Over the past several years, Blondey McCoy has conquered the world. Emerging as one of the faces of Palace and adidas has firmly cemented his status in skateboarding. Simultaneously, he’s infiltrated fashion and the art world through his Thames label, solo exhibitions, and work with high-profile brands like Burberry. What’s most impressive is that he accomplished all of this by age 21. If nothing else, you have to respect Blondey’s hustle.
END. recently visited McCoy in his studio and conducted a proper interview. He goes on the record about many things, including how skateboarding has influenced his personal creativity, and fashions appropriation of skate culture.
END.: Would you say that skateboarding is linked to your creativity?
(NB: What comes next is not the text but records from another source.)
(** * The Nehari set along [s u^+ + t u^-] *)

(** Where [|ln |y|| >= 1] the logarithmic term dominates; elsewhere [|y|] lies in
    [[1/e, e]], so [|y|^q <= e^q] and [y^p >= e^-p]. *)
Lemma rpow_q_le_logterm (j : nat) (q r b0 c0 : R) (b c v : Z -> R) n :
  1 <= r -> 0 < q -> 0 < b0 -> b0 <= b n -> 0 < c n -> c n <= c0 ->
  c n * rpow (Rabs (v n)) q
  <= Rabs (logterm q r c v n)
     + c0 * exp q * exp (INR (2 * j + 2)) / b0 * (b n * v n ^ (2 * j + 2)).
Proof.
  intros Hr Hq Hb0 Hb Hc Hc0.
  set (k := c0 * exp q * exp (INR (2 * j + 2)) / b0).
  assert (Hk : 0 <= k).
  { unfold k, Rdiv; pose proof (exp_pos q); pose proof (exp_pos (INR (2 * j + 2))).
    apply Rmult_le_pos; [apply Rmult_le_pos; [apply Rmult_le_pos |] | left; apply Rinv_0_lt_compat];
      lra. }
  assert (0 <= k * (b n * v n ^ (2 * j + 2)))
    by (apply Rmult_le_pos; [| apply Rmult_le_pos; [| apply pow_even_ge0]]; lra).
  pose proof (Rabs_pos (logterm q r c v n)).
  unfold logterm in *; destruct (Req_EM_T (v n) 0) as [Hz | Hnz].
  { rewrite Hz in *; rewrite Rabs_R0, rpow_zero_l by (apply Rgt_not_eq, Hq); lra. }
  assert (Hx : 0 < Rabs (v n)) by (apply Rabs_pos_lt, Hnz).
  set (x := Rabs (v n)) in *; rewrite !rpow_of_pos, ln_Rpower by exact Hx.
  assert (0 < Rpower x q) by apply exp_pos.
  destruct (Rle_or_lt 1 (Rabs (ln x))) as [Hbig | Hsmall].
  - rewrite !Rabs_mult, (Rabs_right (c n)), (Rabs_right (Rpower x q)), (Rabs_right r) by lra.
    assert (c n * Rpower x q * 1 <= c n * Rpower x q * (r * Rabs (ln x)))
      by (apply Rmult_le_compat_l; nra).
    lra.
  - apply Rabs_def2 in Hsmall as [Hln1 Hln2].
    assert (Hxq : Rpower x q <= exp q) by (apply exp_le_mono; nra).
    assert (Hvp : exp (- INR (2 * j + 2)) <= v n ^ (2 * j + 2)).
    { replace (2 * j + 2)%nat with (2 * (j + 1))%nat by lia; rewrite <- pow_even_Rabs.
      fold x; rewrite <- Rpower_pow by exact Hx; apply exp_le_mono.
      pose proof (pos_INR (2 * (j + 1))); nra. }
    assert (Hk_eq : k * (b0 * exp (- INR (2 * j + 2))) = c0 * exp q).
    { unfold k; rewrite exp_Ropp; field; split; [apply Rgt_not_eq, exp_pos | lra]. }
    assert (k * (b0 * exp (- INR (2 * j + 2))) <= k * (b n * v n ^ (2 * j + 2)))
      by (apply Rmult_le_compat_l, Rmult_le_compat; try lra; left; apply exp_pos).
    assert (c n * Rpower x q <= c0 * exp q) by (apply Rmult_le_compat; lra).
    match goal with |- _ <= Rabs ?L + _ => pose proof (Rabs_pos L) end.
    lra.
Qed.

Lemma ex_sumZ_rpow_upos (q : R) (c v : Z -> R) : (forall n, 0 < c n) -> 0 < q ->
  ex_sumZ (fun n => c n * rpow (Rabs (v n)) q) -> ex_sumZ (fun n => c n * rpow (upos v n) q).
Proof.
  intros Hc Hq; apply ex_sumZ_le; intro n.
  pose proof (Hc n); pose proof (rpow_ge0 (upos v n) q); pose proof (rpow_ge0 (Rabs (v n)) q).
  rewrite Rabs_right by nra.
  destruct (Rlt_le_dec 0 (v n)).
  - rewrite upos_of_pos, Rabs_right by lra; lra.
  - rewrite upos_of_le0, rpow_zero_l by (lra || apply Rgt_not_eq, Hq); nra.
Qed.

Lemma ex_sumZ_logterm_upos (q r : R) (c v : Z -> R) :
  ex_sumZ (fun n => Rabs (logterm q r c v n)) -> ex_sumZ (logterm q r c (upos v)).
Proof.
  apply ex_sumZ_le; intro n; unfold logterm.
  destruct (Rlt_le_dec 0 (v n)).
  - rewrite upos_of_pos by lra; lra.
  - rewrite upos_of_le0 by lra; destruct (Req_EM_T 0 0); [| lra].
    rewrite Rabs_R0; apply Rabs_pos.
Qed.

Lemma q_mass_pos (q : R) (c v : Z -> R) : (forall n, 0 < c n) -> upos v <> zero_seq ->
  ex_sumZ (fun n => c n * rpow (upos v n) q) -> 0 < q_mass q c v.
Proof.
  intros Hc Hv Hsum; destruct (nonzero_seq_point _ Hv) as [n0 Hn0].
  apply Rlt_le_trans with (c n0 * rpow (upos v n0) q); unfold q_mass.
  - pose proof (upos_ge0 v n0); rewrite rpow_of_pos by lra.
    apply Rmult_lt_0_compat; [apply Hc | apply exp_pos].
  - apply (sumZ_ge_term (fun n => c n * rpow (upos v n) q)); [| exact Hsum].
    intro n; apply Rmult_le_pos; [left; apply Hc | apply rpow_ge0].
Qed.

Lemma logterm_scale (q r : R) (c w v : Z -> R) (lam : R) n : 0 < lam -> q <> 0 ->
  w n = lam * v n ->
  logterm q r c w n
  = Rpower lam q * (logterm q r c v n + r * ln lam * (c n * rpow (Rabs (v n)) q)).
Proof.
  intros Hlam Hq Hw; unfold logterm; rewrite Hw.
  destruct (Req_EM_T (v n) 0) as [Hz | Hnz].
  - rewrite Hz, Rmult_0_r, Rabs_R0, rpow_zero_l by exact Hq.
    destruct (Req_EM_T 0 0); [ring | lra].
  - destruct (Req_EM_T (lam * v n) 0) as [Hz |]; [apply Rmult_integral in Hz; lra |].
    assert (Hx : 0 < Rabs (v n)) by (apply Rabs_pos_lt, Hnz).
    rewrite Rabs_mult, (Rabs_right lam), !rpow_of_pos by (lra || apply Rmult_lt_0_compat; lra).
    rewrite !ln_Rpower, ln_mult, <- Rpower_mult_distr by lra; ring.
Qed.

Lemma scale_parts_pointwise (v : Z -> R) s t n :
  exists lam, (lam = s \/ lam = t) /\ scale_parts v s t n = lam * v n.
Proof.
  unfold scale_parts; destruct (Rlt_le_dec 0 (v n)).
  - exists s; split; [left; reflexivity |].
    rewrite upos_of_pos, uneg_of_ge0 by lra; ring.
  - exists t; split; [right; reflexivity |].
    rewrite upos_of_le0, uneg_of_le0 by lra; ring.
Qed.

Lemma Rabs_logterm_scale_parts_le (q r : R) (c v : Z -> R) s t n :
  0 < s -> 0 < t -> 0 < r -> q <> 0 -> 0 <= c n ->
  Rabs (logterm q r c (scale_parts v s t) n)
  <= (Rpower s q + Rpower t q)
     * (Rabs (logterm q r c v n)
        + r * (Rabs (ln s) + Rabs (ln t)) * (c n * rpow (Rabs (v n)) q)).
Proof.
  intros Hs Ht Hr Hq Hc.
  destruct (scale_parts_pointwise v s t n) as (lam & Hlam & Hw).
  assert (Hmass : 0 <= c n * rpow (Rabs (v n)) q)
    by (apply Rmult_le_pos; [| apply rpow_ge0]; lra).
  assert (0 < Rpower s q) by apply exp_pos; assert (0 < Rpower t q) by apply exp_pos.
  pose proof (Rabs_pos (ln s)); pose proof (Rabs_pos (ln t)).
  assert (0 < Rpower lam q /\ Rpower lam q <= Rpower s q + Rpower t q
          /\ Rabs (ln lam) <= Rabs (ln s) + Rabs (ln t)) as (Hl1 & Hl2 & Hl3)
    by (destruct Hlam; subst; lra).
  rewrite (logterm_scale q r c _ v lam n) by (destruct Hlam; subst; assumption).
  rewrite Rabs_mult, (Rabs_right (Rpower lam q)) by lra.
  apply Rmult_le_compat; [lra | apply Rabs_pos | exact Hl2 |].
  eapply Rle_trans; [apply Rabs_triang |].
  rewrite Rabs_mult, (Rabs_right (c n * _)), Rabs_mult, (Rabs_right r) by lra.
  apply Rplus_le_compat_l, Rmult_le_compat_r, Rmult_le_compat_l; lra.
Qed.

Lemma pow_even_le_scale (x y k : R) (j : nat) :
  0 <= k -> Rabs x <= k * Rabs y -> x ^ (2 * j + 2) <= k ^ (2 * j + 2) * y ^ (2 * j + 2).
Proof.
  intros Hk Hxy; apply (pow_even_le_Rabs _ _ j) in Hxy.
  rewrite Rpow_mult_distr in Hxy.
  replace (2 * j + 2)%nat with (2 * (j + 1))%nat in * by lia.
  rewrite pow_even_Rabs in Hxy; exact Hxy.
Qed.

Lemma Rabs_scale_parts_le (v : Z -> R) s t n : 0 < s -> 0 < t ->
  Rabs (scale_parts v s t n) <= (s + t) * Rabs (v n).
Proof.
  intros Hs Ht; destruct (scale_parts_pointwise v s t n) as (lam & Hlam & ->).
  rewrite Rabs_mult, (Rabs_right lam) by (destruct Hlam; subst; lra).
  apply Rmult_le_compat_r; [apply Rabs_pos | destruct Hlam; subst; lra].
Qed.

Lemma Rabs_Delta_scale_parts_le (v : Z -> R) s t n : 0 < s -> 0 < t ->
  Rabs (Delta (scale_parts v s t) n) <= (s + t) * Rabs (Delta v n).
Proof.
  intros Hs Ht.
  replace (Delta (scale_parts v s t) n) with (s * Delta (upos v) n + t * Delta (uneg v) n)
    by (unfold Delta, scale_parts; ring).
  rewrite <- Rabs_Delta_parts.
  eapply Rle_trans; [apply Rabs_triang |].
  rewrite !Rabs_mult, (Rabs_right s), (Rabs_right t) by lra.
  pose proof (Rabs_pos (Delta (upos v) n)); pose proof (Rabs_pos (Delta (uneg v) n)); nra.
Qed.

Lemma inD_opp (p q r : R) (a b c v : Z -> R) :
  inD p q r a b c v -> inD p q r a b c (fun n => - v n).
Proof.
  intros [HE HL]; split.
  - apply (ex_sumZ_ext _ _) with (2 := HE); intro n.
    rewrite Delta_opp, !Rabs_Ropp; reflexivity.
  - apply (ex_sumZ_ext _ _) with (2 := HL); intro n; unfold logterm.
    rewrite Rabs_Ropp; destruct (Req_EM_T (- v n) 0), (Req_EM_T (v n) 0); lra.
Qed.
Blondey: Absolutely. Skateboarding taught me self-confidence and not to need people’s approval to be who you want. Perhaps a little too much. A hundred skaters can do the same trick, but they all do it differently. I always find that amazing. It’s cliched to say, but there are skaters who look more fluid falling off their board than others who are doing the most technically advanced, horrific tricks and robotically making them every time. I think British skateboarding has often been a case of style over substance when compared to American skateboarding. I used to skip school to go and linger in the old Slam store until I could muster up the courage to talk to the people who worked there. I remember the board wall was an absolute beauty and none of the artists seemed to have GCSEs or anything, but they had their own style and didn’t seem to care what people thought of it. Whether that was the case or not, I’ve carried that mentality with me through everything. I’d feel saner having a good bash at ten things than studying for ten years to be told by an unelected mentor that I’m good enough to do one.
END.: Do you think that skating has given you the mindset that it’s okay to fail?
Blondey: I would sooner say that it’s given me the mindset that persistence is everything. Skateboarding is one massive game of trial and error and even if you’re naturally gifted you will fail 99% of the time and break bones. But that’s what makes the 1% of attempts you roll away from rewarding enough to keep at it and bring that trick up to scratch. There is a real work ethic attached. I suppose more importantly it just taught me not to seek constant validation from people and to set my own standards, which is pretty paradoxical to youth culture now with social media and whatever – but that’s another can of worms.
END.: There’s been a lot of fallout recently about fashion’s appropriation of skateboarding culture and style, what’s your take on it?
Blondey: It’s boring. Skateboarding isn’t a subculture anymore – at least not in America. It’s as normal a thing to do there as playing football is in the UK. I think culture clashes are what make the world bearable. Variety is what keeps things interesting and we cant go setting double standards as supposedly liberal people. Everything’s up for grabs if you ask me. You know, I couldn’t care less about football or tennis or cricket, but I don’t feel like I’m pillaging their culture by wearing the kit. I could waffle on about this all day without making any sense, but I basically think everyone should do whatever the fuck they want.